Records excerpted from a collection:
##############################

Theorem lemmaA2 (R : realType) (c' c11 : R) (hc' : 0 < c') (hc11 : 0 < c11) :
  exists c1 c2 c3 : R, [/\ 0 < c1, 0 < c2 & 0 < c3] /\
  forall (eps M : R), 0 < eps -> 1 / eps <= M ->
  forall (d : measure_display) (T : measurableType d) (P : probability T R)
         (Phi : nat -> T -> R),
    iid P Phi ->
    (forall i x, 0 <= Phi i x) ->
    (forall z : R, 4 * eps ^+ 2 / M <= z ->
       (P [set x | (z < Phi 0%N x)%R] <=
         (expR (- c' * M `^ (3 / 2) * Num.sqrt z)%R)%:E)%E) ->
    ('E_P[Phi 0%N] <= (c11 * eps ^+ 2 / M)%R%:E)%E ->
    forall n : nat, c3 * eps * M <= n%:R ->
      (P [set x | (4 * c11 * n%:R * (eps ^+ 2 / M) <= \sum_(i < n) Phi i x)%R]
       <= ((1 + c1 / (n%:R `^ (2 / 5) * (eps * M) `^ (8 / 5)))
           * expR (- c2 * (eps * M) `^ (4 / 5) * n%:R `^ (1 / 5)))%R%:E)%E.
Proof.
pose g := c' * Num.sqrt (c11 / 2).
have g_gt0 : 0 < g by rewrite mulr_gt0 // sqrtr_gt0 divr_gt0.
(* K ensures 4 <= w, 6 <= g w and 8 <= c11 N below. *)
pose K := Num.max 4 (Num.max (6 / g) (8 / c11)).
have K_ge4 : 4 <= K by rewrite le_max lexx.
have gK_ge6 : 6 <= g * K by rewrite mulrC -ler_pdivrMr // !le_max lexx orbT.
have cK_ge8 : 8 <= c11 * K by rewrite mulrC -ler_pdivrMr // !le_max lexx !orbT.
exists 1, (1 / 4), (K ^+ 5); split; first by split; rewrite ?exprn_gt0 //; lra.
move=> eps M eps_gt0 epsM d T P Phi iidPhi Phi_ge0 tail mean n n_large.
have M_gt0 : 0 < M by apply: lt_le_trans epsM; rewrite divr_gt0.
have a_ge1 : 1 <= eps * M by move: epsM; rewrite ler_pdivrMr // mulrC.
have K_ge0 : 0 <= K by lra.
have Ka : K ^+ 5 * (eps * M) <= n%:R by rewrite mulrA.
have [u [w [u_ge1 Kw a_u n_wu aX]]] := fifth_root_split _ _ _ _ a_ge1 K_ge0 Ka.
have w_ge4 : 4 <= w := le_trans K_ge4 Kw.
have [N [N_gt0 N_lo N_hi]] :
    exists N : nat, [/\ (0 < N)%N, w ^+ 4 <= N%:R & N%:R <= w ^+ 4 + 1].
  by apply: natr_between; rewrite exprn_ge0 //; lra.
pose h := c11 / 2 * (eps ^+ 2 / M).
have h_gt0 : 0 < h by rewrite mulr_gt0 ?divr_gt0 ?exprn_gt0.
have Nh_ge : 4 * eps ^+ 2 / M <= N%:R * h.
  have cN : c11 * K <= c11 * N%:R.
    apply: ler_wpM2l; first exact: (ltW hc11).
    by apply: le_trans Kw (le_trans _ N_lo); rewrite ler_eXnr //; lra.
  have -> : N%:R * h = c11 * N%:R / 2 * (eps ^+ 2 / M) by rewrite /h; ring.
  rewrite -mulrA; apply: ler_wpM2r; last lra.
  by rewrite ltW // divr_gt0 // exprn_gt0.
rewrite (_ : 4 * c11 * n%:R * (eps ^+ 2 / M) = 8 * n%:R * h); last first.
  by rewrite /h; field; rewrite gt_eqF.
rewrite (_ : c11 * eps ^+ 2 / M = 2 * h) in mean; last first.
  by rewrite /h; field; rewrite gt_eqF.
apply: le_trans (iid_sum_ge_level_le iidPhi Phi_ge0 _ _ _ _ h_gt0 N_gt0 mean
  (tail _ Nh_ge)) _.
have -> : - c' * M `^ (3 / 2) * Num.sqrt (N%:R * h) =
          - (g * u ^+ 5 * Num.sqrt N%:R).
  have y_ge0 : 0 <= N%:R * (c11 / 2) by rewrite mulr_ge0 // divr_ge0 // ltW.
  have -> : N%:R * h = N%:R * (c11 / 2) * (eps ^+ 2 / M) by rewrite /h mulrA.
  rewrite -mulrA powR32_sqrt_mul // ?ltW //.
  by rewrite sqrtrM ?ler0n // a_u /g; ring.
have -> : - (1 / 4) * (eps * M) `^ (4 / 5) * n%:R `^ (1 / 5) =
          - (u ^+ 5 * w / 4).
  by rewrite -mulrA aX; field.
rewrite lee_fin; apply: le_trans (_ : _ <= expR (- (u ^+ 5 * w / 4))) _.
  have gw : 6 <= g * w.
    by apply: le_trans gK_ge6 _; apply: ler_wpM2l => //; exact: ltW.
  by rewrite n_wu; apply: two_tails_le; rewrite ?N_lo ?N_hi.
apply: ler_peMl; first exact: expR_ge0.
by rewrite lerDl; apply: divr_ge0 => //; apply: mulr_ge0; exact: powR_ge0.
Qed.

##############################

▸ Instructions for the task
Write the records out once more, word for word.

▸ Result
Theorem lemmaA2 (R : realType) (c' c11 : R) (hc' : 0 < c') (hc11 : 0 < c11) :
  exists c1 c2 c3 : R, [/\ 0 < c1, 0 < c2 & 0 < c3] /\
  forall (eps M : R), 0 < eps -> 1 / eps <= M ->
  forall (d : measure_display) (T : measurableType d) (P : probability T R)
         (Phi : nat -> T -> R),
    iid P Phi ->
    (forall i x, 0 <= Phi i x) ->
    (forall z : R, 4 * eps ^+ 2 / M <= z ->
       (P [set x | (z < Phi 0%N x)%R] <=
         (expR (- c' * M `^ (3 / 2) * Num.sqrt z)%R)%:E)%E) ->
    ('E_P[Phi 0%N] <= (c11 * eps ^+ 2 / M)%R%:E)%E ->
    forall n : nat, c3 * eps * M <= n%:R ->
      (P [set x | (4 * c11 * n%:R * (eps ^+ 2 / M) <= \sum_(i < n) Phi i x)%R]
       <= ((1 + c1 / (n%:R `^ (2 / 5) * (eps * M) `^ (8 / 5)))
           * expR (- c2 * (eps * M) `^ (4 / 5) * n%:R `^ (1 / 5)))%R%:E)%E.
Proof.
pose g := c' * Num.sqrt (c11 / 2).
have g_gt0 : 0 < g by rewrite mulr_gt0 // sqrtr_gt0 divr_gt0.
(* K ensures 4 <= w, 6 <= g w and 8 <= c11 N below. *)
pose K := Num.max 4 (Num.max (6 / g) (8 / c11)).
have K_ge4 : 4 <= K by rewrite le_max lexx.
have gK_ge6 : 6 <= g * K by rewrite mulrC -ler_pdivrMr // !le_max lexx orbT.
have cK_ge8 : 8 <= c11 * K by rewrite mulrC -ler_pdivrMr // !le_max lexx !orbT.
exists 1, (1 / 4), (K ^+ 5); split; first by split; rewrite ?exprn_gt0 //; lra.
move=> eps M eps_gt0 epsM d T P Phi iidPhi Phi_ge0 tail mean n n_large.
have M_gt0 : 0 < M by apply: lt_le_trans epsM; rewrite divr_gt0.
have a_ge1 : 1 <= eps * M by move: epsM; rewrite ler_pdivrMr // mulrC.
have K_ge0 : 0 <= K by lra.
have Ka : K ^+ 5 * (eps * M) <= n%:R by rewrite mulrA.
have [u [w [u_ge1 Kw a_u n_wu aX]]] := fifth_root_split _ _ _ _ a_ge1 K_ge0 Ka.
have w_ge4 : 4 <= w := le_trans K_ge4 Kw.
have [N [N_gt0 N_lo N_hi]] :
    exists N : nat, [/\ (0 < N)%N, w ^+ 4 <= N%:R & N%:R <= w ^+ 4 + 1].
  by apply: natr_between; rewrite exprn_ge0 //; lra.
pose h := c11 / 2 * (eps ^+ 2 / M).
have h_gt0 : 0 < h by rewrite mulr_gt0 ?divr_gt0 ?exprn_gt0.
have Nh_ge : 4 * eps ^+ 2 / M <= N%:R * h.
  have cN : c11 * K <= c11 * N%:R.
    apply: ler_wpM2l; first exact: (ltW hc11).
    by apply: le_trans Kw (le_trans _ N_lo); rewrite ler_eXnr //; lra.
  have -> : N%:R * h = c11 * N%:R / 2 * (eps ^+ 2 / M) by rewrite /h; ring.
  rewrite -mulrA; apply: ler_wpM2r; last lra.
  by rewrite ltW // divr_gt0 // exprn_gt0.
rewrite (_ : 4 * c11 * n%:R * (eps ^+ 2 / M) = 8 * n%:R * h); last first.
  by rewrite /h; field; rewrite gt_eqF.
rewrite (_ : c11 * eps ^+ 2 / M = 2 * h) in mean; last first.
  by rewrite /h; field; rewrite gt_eqF.
apply: le_trans (iid_sum_ge_level_le iidPhi Phi_ge0 _ _ _ _ h_gt0 N_gt0 mean
  (tail _ Nh_ge)) _.
have -> : - c' * M `^ (3 / 2) * Num.sqrt (N%:R * h) =
          - (g * u ^+ 5 * Num.sqrt N%:R).
  have y_ge0 : 0 <= N%:R * (c11 / 2) by rewrite mulr_ge0 // divr_ge0 // ltW.
  have -> : N%:R * h = N%:R * (c11 / 2) * (eps ^+ 2 / M) by rewrite /h mulrA.
  rewrite -mulrA powR32_sqrt_mul // ?ltW //.
  by rewrite sqrtrM ?ler0n // a_u /g; ring.
have -> : - (1 / 4) * (eps * M) `^ (4 / 5) * n%:R `^ (1 / 5) =
          - (u ^+ 5 * w / 4).
  by rewrite -mulrA aX; field.
rewrite lee_fin; apply: le_trans (_ : _ <= expR (- (u ^+ 5 * w / 4))) _.
  have gw : 6 <= g * w.
    by apply: le_trans gK_ge6 _; apply: ler_wpM2l => //; exact: ltW.
  by rewrite n_wu; apply: two_tails_le; rewrite ?N_lo ?N_hi.
apply: ler_peMl; first exact: expR_ge0.
by rewrite lerDl; apply: divr_ge0 => //; apply: mulr_ge0; exact: powR_ge0.
Qed.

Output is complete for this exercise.